'My focus is financial independence, not early retirement'
By Susan Hely
Three years ago we first profiled seven Aussies who are working towards early retirement.
Money caught up with them again to find out how their plans and investments have fared during COVID-19.
Read more about the early retirees who know there's more to life than work, and how to be inspired by the FIRE movement.
NAME: Jason*, 48
AIM: Retire in 15 months
INCOME NEEDED: $90,500
INVESTMENT STRATEGY: Vanguard
Jason has been on the retire-early journey for 20 years and is on the verge of deciding whether to leave his well-paid corporate job. He is in his late 40s.
In just over a year he estimates his investments and savings will reach $2.58 million, which will give him a healthy income of $90,500 a year, based on a conservative 3.5% yield, reduced from 4% in 2018.
Four years ago Jason reached a "lean" retirement target based on the average income (which includes part-time workers) but he decided to keep working to reach around the mean average full-time ordinary earnings of $90,500 a year.
"I personally define FIRE more as reaching the point where income generated from a portfolio of passive investments can meet my current normal living expenses, giving greater choice about how - or even whether - to work," he says.
"Just like many pursuing FIRE, my main focus is on the financial independence element, more than the retire early part."

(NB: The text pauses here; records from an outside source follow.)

(* Let $n\ge 1$ and let $\mathbf{P}_A,\mathbf{P}_B,\mathbf{Q}_A,\mathbf{Q}_B\in\mathbb{R}^{n\times n}$ be symmetric positive definite matrices; put $\mathbf{C}_A=\mathbf{P}_A+\mathbf{Q}_A$, $\mathbf{C}_B=\mathbf{P}_B+\mathbf{Q}_B$. Let $J$ be an increasing cost function (see context). Let $(\mathbf{K},\mathbf{B}_F)$, with $\mathbf{K}=(\mathbf{K}_A,\mathbf{K}_B)$, define a conservative fusion. Then $(\mathbf{K},\mathbf{B}_F)$ is a solution of the Optimal Fusion with Split Covariances problem (minimize $J(\mathbf{B}_F)$ over all conservative fusions $(\mathbf{K},\mathbf{B}_F)$) if and only if there exists $\omega^*\in\arg\min_{\omega\in[0,1]} J(\mathbf{B}_{\mathrm{SCI}}(\omega))$ such that $\mathbf{B}_F=\mathbf{B}_{\mathrm{SCI}}(\omega^* )$.
   Context: $\mathcal{A}_{\mathrm{Split}}=\{\mathbf{M}\in\mathbb{R}^{n\times n} : \begin{bmatrix}\mathbf{P}_A & \mathbf{M}\\ \mathbf{M}^\intercal & \mathbf{P}_B\end{bmatrix}\succeq 0\}$ (set of admissible cross-covariances). For gains $\mathbf{K}=(\mathbf{K}_A,\mathbf{K}_B)$ of $n\times n$ matrices and $\mathbf{P}_{AB}\in\mathcal{A}_{\mathrm{Split}}$, define $\mathbf{C}_F(\mathbf{K},\mathbf{P}_{AB})=\mathbf{K}_A\mathbf{C}_A\mathbf{K}_A^\intercal+\mathbf{K}_A\mathbf{P}_{AB}\mathbf{K}_B^\intercal+\mathbf{K}_B\mathbf{P}_{AB}^\intercal\mathbf{K}_A^\intercal+\mathbf{K}_B\mathbf{C}_B\mathbf{K}_B^\intercal$. A pair $(\mathbf{K},\mathbf{B}_F)$ with $\mathbf{B}_F$ a symmetric matrix defines a conservative fusion if $\mathbf{K}_A+\mathbf{K}_B=\mathbf{I}$ and $\mathbf{B}_F\succeq\mathbf{C}_F(\mathbf{K},\mathbf{P}_{AB})$ for all $\mathbf{P}_{AB}\in\mathcal{A}_{\mathrm{Split}}$. For $\omega\in[0,1]$ and $\bar\omega=1-\omega$, the SCI bound is defined by $\mathbf{B}_{\mathrm{SCI}}(\omega)^{-1}=\omega(\mathbf{P}_A+\omega\mathbf{Q}_A)^{-1}+\bar\omega(\mathbf{P}_B+\bar\omega\mathbf{Q}_B)^{-1}$. A cost function $J$ on symmetric positive semidefinite matrices is increasing if $\mathbf{P}\preceq\mathbf{Q}$ implies $J(\mathbf{P})\le J(\mathbf{Q})$, and $\mathbf{P}\preceq\mathbf{Q}$ with $\mathbf{P}\neq\mathbf{Q}$ implies $J(\mathbf{P})<J(\mathbf{Q})$. Here $\preceq$ is the Loewner order. *)

From mathcomp Require Import all_boot all_order all_algebra.
From mathcomp Require Import reals.
Set Implicit Arguments. Unset Strict Implicit. Unset Printing Implicit Defensive.
Import Order.TTheory GRing.Theory Num.Theory.
Local Open Scope ring_scope.

Section Defs.
Variables (R : realType) (n : nat).

Definition symmx (M : 'M[R]_n) : Prop := M^T = M.

Definition psdmx (M : 'M[R]_n) : Prop :=
  symmx M /\ forall x : 'cV[R]_n, 0 <= (x^T *m M *m x) 0 0.

Definition pdmx (M : 'M[R]_n) : Prop :=
  symmx M /\ forall x : 'cV[R]_n, x != 0 -> 0 < (x^T *m M *m x) 0 0.

Definition loewner_le (P Q : 'M[R]_n) : Prop := psdmx (Q - P).

Definition A_split (PA PB M : 'M[R]_n) : Prop :=
  forall x : 'cV[R]_(n + n),
    0 <= (x^T *m block_mx PA M M^T PB *m x) 0 0.

Definition C_F (KA KB CA CB PAB : 'M[R]_n) : 'M[R]_n :=
  KA *m CA *m KA^T + KA *m PAB *m KB^T + KB *m PAB^T *m KA^T
  + KB *m CB *m KB^T.

Definition conservative_fusion (PA PB QA QB KA KB BF : 'M[R]_n) : Prop :=
  [/\ KA + KB = 1%:M, symmx BF &
      forall PAB, A_split PA PB PAB ->
        loewner_le (C_F KA KB (PA + QA) (PB + QB) PAB) BF].

Definition B_SCI (PA PB QA QB : 'M[R]_n) (w : R) : 'M[R]_n :=
  invmx (w *: invmx (PA + w *: QA) + (1 - w) *: invmx (PB + (1 - w) *: QB)).

Definition increasing_cost (J : 'M[R]_n -> R) : Prop :=
  forall P Q, psdmx P -> psdmx Q -> loewner_le P Q ->
    J P <= J Q /\ (P != Q -> J P < J Q).

Definition optimal_fusion (PA PB QA QB : 'M[R]_n) (J : 'M[R]_n -> R)
  (KA KB BF : 'M[R]_n) : Prop :=
  conservative_fusion PA PB QA QB KA KB BF /\
  forall KA' KB' BF', conservative_fusion PA PB QA QB KA' KB' BF' ->
    J BF <= J BF'.

End Defs.

(* Write a u, b u, f u for the quadratic forms of K_A P_A K_A^T, K_B P_B K_B^T
   and B_F - K_A Q_A K_A^T - K_B Q_B K_B^T.  Every SCI bound is achievable:
   for 0 < w < 1, B_SCI(w) is the parallel sum B of P_A/w + Q_A and
   P_B/(1-w) + Q_B, and the gains B (P_A/w + Q_A)^-1, B (P_B/(1-w) + Q_B)^-1
   fuse below B for every admissible cross-covariance.  Conversely, testing a
   conservative fusion against rank-one cross-covariances gives
   f >= (sqrt a + sqrt b)^2, i.e. (1-w) a + w b <= w (1-w) f at the weight
   where (1-w)^2 a = w^2 b.  Among the directions violating this inequality
   at a given w, the sign of (1-w)^2 a - w^2 b is constant, so a
   connectedness argument on [0,1] yields a single w valid in all directions;
   then B_SCI(w) <= B_F, since the parallel sum minimizes over splittings
   u = K_A^T u + K_B^T u.  As J is increasing, the optimal fusions are
   exactly the minimizers of J over the SCI bounds. *)

From mathcomp Require Import all_boot all_order all_algebra.
From mathcomp Require Import reals boolp classical_sets polyrcf.
From mathcomp Require Import ring lra.
Import Order.TTheory GRing.Theory Num.Theory.
Local Open Scope classical_set_scope.
Local Open Scope ring_scope.
Set Implicit Arguments. Unset Strict Implicit. Unset Printing Implicit Defensive.

Section QuadraticForm.
Variables (R : comRingType) (n : nat).
Implicit Types (x y z : 'cV[R]_n) (A M N : 'M[R]_n).

Definition vdot x y : R := (x^T *m y) 0 0.
Definition qform M x : R := vdot x (M *m x).

Lemma vdotC x y : vdot x y = vdot y x.
Proof. by rewrite /vdot -[x^T *m y]trmxK trmx_mul trmxK mxE. Qed.

Lemma vdotDr x y z : vdot x (y + z) = vdot x y + vdot x z.
Proof. by rewrite /vdot mulmxDr mxE. Qed.

Lemma vdotZr c x y : vdot x (c *: y) = c * vdot x y.
Proof. by rewrite /vdot -scalemxAr mxE. Qed.

Lemma vdotNr x y : vdot x (- y) = - vdot x y.
Proof. by rewrite -scaleN1r vdotZr mulN1r. Qed.

Lemma vdotBr x y z : vdot x (y - z) = vdot x y - vdot x z.
Proof. by rewrite vdotDr vdotNr. Qed.

Lemma vdotDl x y z : vdot (x + y) z = vdot x z + vdot y z.
Proof. by rewrite vdotC vdotDr !(vdotC z). Qed.

Lemma vdotZl c x y : vdot (c *: x) y = c * vdot x y.
Proof. by rewrite vdotC vdotZr vdotC. Qed.

Lemma vdot0l x : vdot 0 x = 0.
Proof. by rewrite -(scale0r 0) vdotZl mul0r. Qed.

Lemma vdot_rank1 c x y p q :
  vdot p (c *: (x *m y^T) *m q) = c * vdot p x * vdot q y.
Proof.
rewrite -scalemxAl -mulmxA [y^T *m q]mx11_scalar mul_mx_scalar !vdotZr.
by rewrite -/(vdot y q) vdotC [vdot q y * _]mulrC mulrA.
Qed.

Lemma vdot_trmx A x y : vdot x (A *m y) = vdot (A^T *m x) y.
Proof. by rewrite /vdot trmx_mul trmxK mulmxA. Qed.

Lemma qformE M x : (x^T *m M *m x) 0 0 = qform M x.
Proof. by rewrite /qform /vdot mulmxA. Qed.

Exploring different paths and investments is what Jason's popular and enlightening blog, thefiexplorer.com, covers.
Since we spoke to him in 2018, Jason's retirement savings have jumped by $1 million to reach $2.3 million. Why did they go up so much?

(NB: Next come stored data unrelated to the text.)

(* Let $X$ be a proper geodesic metric space, $x_0\in X$ a basepoint, and $g:X\to X$ a Morse isometry. Then there exists a Morse bi-infinite geodesic $\gamma$ such that $\gamma(\infty)$ and $\gamma(-\infty)$ are two distinct points of $\partial_M X$ fixed by $g$.
   Context: A Morse gauge is a function $N:[1,\infty)\times[0,\infty)\to[0,\infty)$; a (quasi-)geodesic $\gamma$ is $N$-Morse if every $(\lambda,\epsilon)$-quasi-geodesic with endpoints on $\gamma$ lies in the $N(\lambda,\epsilon)$-neighborhood of $\gamma$; Morse means $N$-Morse for some $N$. $\partial_M X$ is the set of Morse geodesic rays modulo finite Hausdorff distance, isometries acting by $[\alpha]\mapsto[g\circ\alpha]$; for a bi-infinite geodesic $\gamma$, $\gamma(\pm\infty)$ denote the classes of its two ends. With $x_n=g^n(x_0)$, an isometry $g$ is Morse if there are a Morse gauge $N$ and geodesics $[x_i,x_{i+1}]$ ($i\in\mathbb{Z}$) whose bi-infinite concatenation is an $N$-Morse quasi-geodesic. *)

From Stdlib Require Import Reals ZArith List.
Open Scope R_scope.

Set Implicit Arguments.
Section MetricDefs.
Variables (X : Type) (d : X -> X -> R).

Definition is_metric : Prop :=
  (forall x y, 0 <= d x y) /\ (forall x y, d x y = 0 <-> x = y) /\
  (forall x y, d x y = d y x) /\ (forall x y z, d x z <= d x y + d y z).

Definition open_set (U : X -> Prop) : Prop :=
  forall x, U x -> exists e, 0 < e /\ forall y, d x y < e -> U y.

Definition compact_set (K : X -> Prop) : Prop :=
  forall (I : Type) (U : I -> X -> Prop),
    (forall i, open_set (U i)) -> (forall x, K x -> exists i, U i x) ->
    exists l : list I, forall x, K x -> exists i, In i l /\ U i x.

Definition proper_space : Prop :=
  forall x r, compact_set (fun y => d x y <= r).

Definition geodesic_on (D : R -> Prop) (c : R -> X) : Prop :=
  forall s t, D s -> D t -> d (c s) (c t) = Rabs (s - t).

Definition geodesic_space : Prop :=
  forall x y, exists c : R -> X,
    geodesic_on (fun t => 0 <= t <= d x y) c /\ c 0 = x /\ c (d x y) = y.

(** (lam, eps)-quasi-geodesic on the domain D (no continuity required) *)
Definition quasi_geodesic_on (lam eps : R) (D : R -> Prop) (c : R -> X) : Prop :=
  forall s t, D s -> D t ->
    (1 / lam) * Rabs (s - t) - eps <= d (c s) (c t) /\
    d (c s) (c t) <= lam * Rabs (s - t) + eps.

Definition is_quasi_geodesic (D : R -> Prop) (c : R -> X) : Prop :=
  exists lam eps, 1 <= lam /\ 0 <= eps /\ quasi_geodesic_on lam eps D c.

Definition morse_gauge (N : R -> R -> R) : Prop :=
  forall lam eps, 1 <= lam -> 0 <= eps -> 0 <= N lam eps.

Definition N_morse (N : R -> R -> R) (D : R -> Prop) (gamma : R -> X) : Prop :=
  forall lam eps a b (c : R -> X), 1 <= lam -> 0 <= eps -> a <= b ->
    quasi_geodesic_on lam eps (fun t => a <= t <= b) c ->
    (exists s, D s /\ c a = gamma s) -> (exists s, D s /\ c b = gamma s) ->
    forall t, a <= t <= b -> exists s, D s /\ d (c t) (gamma s) <= N lam eps.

Most of his investments edged higher but two, in particular, soared: Bitcoin and gold.
Jason is curious about different sorts of assets, so he took the plunge and bought small amounts in addition to his main holdings of Vanguard index funds and some direct shares obtained when private companies went public and offered loyal customers shares. His shares amount to $1.4 million.
As well as gold and Bitcoin, Jason put some money on the Acorns app and added some peer-to-peer lending. His gold holding jumped from $77,905 to $109,475 in four years. He bought Bitcoin in 2015-16 as an experiment when it was worth several hundred dollars per coin. It had soared to about $55,900 at the time of going to print. At the end of January, his Bitcoin holding was worth around $494,160.
While many investors would have been tempted to sell, Jason is a long-term investor and happy to keep it sitting in his portfolio. "This has grown to become an unexpectedly sizeable portion of the portfolio, but there is also always the possibility it will fall back," he says.
Dividends keep growing
With more capital invested in shares comes a steady growth in the level of distributions as a proportion of his monthly spending needs.
"In 2018, there was a significant gap of more than $2000 per month between recent average distributions and total spending. Three years on, that gap is down to below $1000 a month," says Jason.
Crucial to his saving plan was buying an affordable house and not upgrading as his income went up. "Plus paying off the mortgage as quickly as possible and regular saving and investing."
The FI Explorer's tips
The key to Jason's accumulation of capital is automatically investing around 60% of his salary from his corporate job, including any raises or bonuses. Once the money is saved, the investments do the heavy work of growing.
Favourite reading
- Atomic Habits: An Easy & Proven Way to Build Good Habits & Break Bad Ones by James Clear
- Nick Maggiulli's blog: ofdollarsanddata.com
- Safe Withdrawal Rates, an extended series at the US blog earlyretirementnow.com.